Find every line in the listing below that includes the word "assert", then give only how many there are.

+ + +

Theorem mainTheorem3
  (nxL nyL nxR nyR : nat) (hxL hxR alpha tau : R)
  (HxL HyL HxR HyR MxL MxR MtL MtR SxL SxR IF2C IC2F : mat)
  (HnxL : (2 <= nxL)%nat) (HnyL : (2 <= nyL)%nat)
  (HnxR : (2 <= nxR)%nat) (HnyR : (2 <= nyR)%nat)
  (HhxL : 0 < hxL) (HhxR : 0 < hxR)
  (* (i) *)
  (HHxL : is_diag_pd nxL HxL) (HHyL : is_diag_pd nyL HyL)
  (HHxR : is_diag_pd nxR HxR) (HHyR : is_diag_pd nyR HyR)
  (* (ii) *)
  (Halpha : 0 < alpha)
  (HMxLs : is_symm nxL MxL) (HMxRs : is_symm nxR MxR)
  (HMtLs : is_symm nxL MtL) (HMtLp : is_psd nxL MtL)
  (HMtRs : is_symm nxR MtR) (HMtRp : is_psd nxR MtR)
  (HMxL : mat_eq nxL nxL MxL
     (madd MtL (mscale (hxL * alpha)
        (mmul nxL (tr (mmul nxL (E0L nxL) SxL)) (mmul nxL (E0L nxL) SxL)))))
  (HMxR : mat_eq nxR nxR MxR
     (madd MtR (mscale (hxR * alpha)
        (mmul nxR (tr (mmul nxR E0R SxR)) (mmul nxR E0R SxR)))))
  (* (iii) *)
  (HI : mat_eq nyR nyL (mmul nyR HyR IC2F) (tr (mmul nyL HyL IF2C)))
  (HIL : is_psd nyL (mmul nyL HyL (madd idm (mopp (mmul nyR IF2C IC2F)))))
  (HIR : is_psd nyR (mmul nyR HyR (madd idm (mopp (mmul nyL IC2F IF2C)))))
  (* (iv) *)
  (Htau : Rmax (1 / (2 * alpha * hxL)) (1 / (2 * alpha * hxR)) <= tau) :
  (forall u ut v vt : vec,
     0 <= energy nxL nyL nxR nyR HxL HyL HxR HyR MxL MxR SxL SxR IF2C IC2F tau
            u ut v vt)
  /\
  (forall u ut v vt : R -> vec,
     (forall t i, (i < nxL * nyL)%nat ->
        derivable_pt_lim (fun s => u s i) t (ut t i) /\
        derivable_pt_lim (fun s => ut s i) t
          (rhs_u nxL nyL nxR nyR HxL MxL SxL SxR IF2C tau (u t) (v t) i)) ->
     (forall t i, (i < nxR * nyR)%nat ->
        derivable_pt_lim (fun s => v s i) t (vt t i) /\
        derivable_pt_lim (fun s => vt s i) t
          (rhs_v nxL nyL nxR nyR HxR MxR SxL SxR IC2F tau (u t) (v t) i)) ->
     forall t : R,
       derivable_pt_lim
         (fun s => energy nxL nyL nxR nyR HxL HyL HxR HyR MxL MxR SxL SxR IF2C IC2F
                     tau (u s) (ut s) (v s) (vt s)) t 0).
Proof.
  assert (HtL : 1 <= 2 * (hxL * alpha) * tau).
  { replace (2 * (hxL * alpha) * tau) with (2 * alpha * hxL * tau) by ring.
    apply one_le_mul_of_inv_le; [nra|]. exact (Rle_trans _ _ _ (Rmax_l _ _) Htau). }
  assert (HtR : 1 <= 2 * (hxR * alpha) * tau).
  { replace (2 * (hxR * alpha) * tau) with (2 * alpha * hxR * tau) by ring.
    apply one_le_mul_of_inv_le; [nra|]. exact (Rle_trans _ _ _ (Rmax_r _ _) Htau). }
  split.
  - intros u ut v vt.
    apply (energy_nonneg nxL nyL nxR nyR HxL HyL HxR HyR MxL MxR SxL SxR IF2C IC2F tau)
      with (cL := hxL * alpha) (cR := hxR * alpha) (MtL := MtL) (MtR := MtR);
      solve [assumption | lia | nra].
  - apply energy_conserved; solve [assumption | lia].
Qed.
(* Consider the setting described in the context. Suppose that: (i) for any constant $\kappa > 0$ there exist positive constants $K_f(\kappa,x)$, $\bar{K}_f(\kappa)$, $\beta_f(\kappa,x)$, $\bar{\beta}_f(\kappa)$, $K_Q(\kappa,x)$, $\bar{K}_Q(\kappa)$, $\beta_Q(\kappa,x)$, $\bar{\beta}_Q(\kappa)$ such that for each $n \in \mathbb{N}$: $\mathbb{P}\{\lVert f^*(x) - \hat{f}_n(x)\rVert > \kappa\} \leq K_f(\kappa,x)\exp(-n\beta_f(\kappa,x))$ for $P_X$-a.e. $x \in \mathcal{X}$; $\mathbb{P}\{\lVert Q^*(x) - \hat{Q}_n(x)\rVert > \kappa\} \leq K_Q(\kappa,x)\exp(-n\beta_Q(\kappa,x))$ for $P_X$-a.e. $x \in \mathcal{X}$; $\mathbb{P}\{\frac{1}{n}\sum_{i=1}^n \lVert f^*(x^i) - \hat{f}_n(x^i)\rVert^2 > \kappa^2\} \leq \bar{K}_f(\kappa)\exp(-n\bar{\beta}_f(\kappa))$; and $\mathbb{P}\{\frac{1}{n}\sum_{i=1}^n \lVert [\hat{Q}_n(x^i)]^{-1} - [Q^*(x^i)]^{-1}\rVert^2 > \kappa^2\} \leq \bar{K}_Q(\kappa)\exp(-n\bar{\beta}_Q(\kappa))$; (ii) for any constant $\kappa > 0$ there exist positive constants $\gamma_Q(\kappa)$, $\bar{\gamma}_Q(\kappa)$ such that for each $n \in \mathbb{N}$: $\mathbb{P}\{(\frac{1}{n}\sum_{i=1}^n \lVert [Q^*(x^i)]^{-1}\rVert^2)^{1/2} > (\mathbb{E}[\lVert [Q^*(X)]^{-1}\rVert^2])^{1/2} + \kappa\} \leq \exp(-n\gamma_Q(\kappa))$ and $\mathbb{P}\{(\frac{1}{n}\sum_{i=1}^n \lVert Q^*(x^i)\rVert^4)^{1/4} > (\mathbb{E}[\lVert Q^*(X)\rVert^4])^{1/4} + \kappa\} \leq \exp(-n\bar{\gamma}_Q(\kappa))$; (iii) for any constant $\kappa > 0$ there exist positive constants $\gamma_\varepsilon(\kappa)$, $\bar{\gamma}_\varepsilon(\kappa)$ such that for each $n \in \mathbb{N}$: $\mathbb{P}\{\frac{1}{n}\sum_{i=1}^n \lVert\varepsilon^i\rVert > \mathbb{E}[\lVert\varepsilon\rVert] + \kappa\} \leq \exp(-n\gamma_\varepsilon(\kappa))$ and $\mathbb{P}\{(\frac{1}{n}\sum_{i=1}^n \lVert\varepsilon^i\rVert^4)^{1/4} > (\mathbb{E}[\lVert\varepsilon\rVert^4])^{1/4} + \kappa\} \leq \exp(-n\bar{\gamma}_\varepsilon(\kappa))$ (all expectations appearing here being finite). Then for any constant $\kappa > 0$ and $P_X$-a.e. $x \in \mathcal{X}$ there exist positive constants $\tilde{K}(\kappa,x)$ and $\tilde{\beta}(\kappa,x)$ such that for all $n \in \mathbb{N}$, \[ \mathbb{P}\biggl\{\frac{1}{n}\sum_{i=1}^{n} \lVert\tilde{\varepsilon}^i_n(x)\rVert > \kappa\biggr\} \leq \tilde{K}(\kappa,x)\exp(-n\tilde{\beta}(\kappa,x)). \]
   Context: Random vectors $Y \in \mathbb{R}^{d_y}$ and covariates $X \in \mathbb{R}^{d_x}$ satisfy $Y = f^*(X) + Q^*(X)\varepsilon$, where $f^*:\mathbb{R}^{d_x}\to\mathbb{R}^{d_y}$, $Q^*:\mathbb{R}^{d_x}\to\mathbb{R}^{d_y\times d_y}$, the zero-mean random error $\varepsilon \in \mathbb{R}^{d_y}$ is independent of $X$, and $Q^*(x) \succ 0$ for $P_X$-a.e. $x$ in the support $\mathcal{X}$ of $X$ ($P_X$ is the distribution of $X$). Data $\mathcal{D}_n = \{(y^i,x^i)\}_{i=1}^n$ are joint observations of $(Y,X)$, with error realizations $\varepsilon^i = [Q^*(x^i)]^{-1}(y^i - f^*(x^i))$. Regression estimates $\hat{f}_n$ of $f^*$ and $\hat{Q}_n$ of $Q^*$ are computed from $\mathcal{D}_n$, with $\hat{Q}_n(x) \succ 0$ almost surely for $P_X$-a.e. $x \in \mathcal{X}$. Define $\hat{\varepsilon}^i_n := [\hat{Q}_n(x^i)]^{-1}(y^i - \hat{f}_n(x^i))$ and, for $x \in \mathcal{X}$, $\tilde{\varepsilon}^i_n(x) := (\hat{f}_n(x) + \hat{Q}_n(x)\hat{\varepsilon}^i_n) - (f^*(x) + Q^*(x)\varepsilon^i)$. $\lVert\cdot\rVert$ is the Euclidean norm on vectors and the induced operator norm on matrices; $\mathbb{P}$ is the probability measure generating the data. *)

From mathcomp Require Import all_boot all_order all_algebra.
From mathcomp Require Import all_classical all_reals all_analysis.
Import numFieldNormedType.Exports.
Import Order.TTheory GRing.Theory Num.Theory.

+ + +

Exercise solution>
2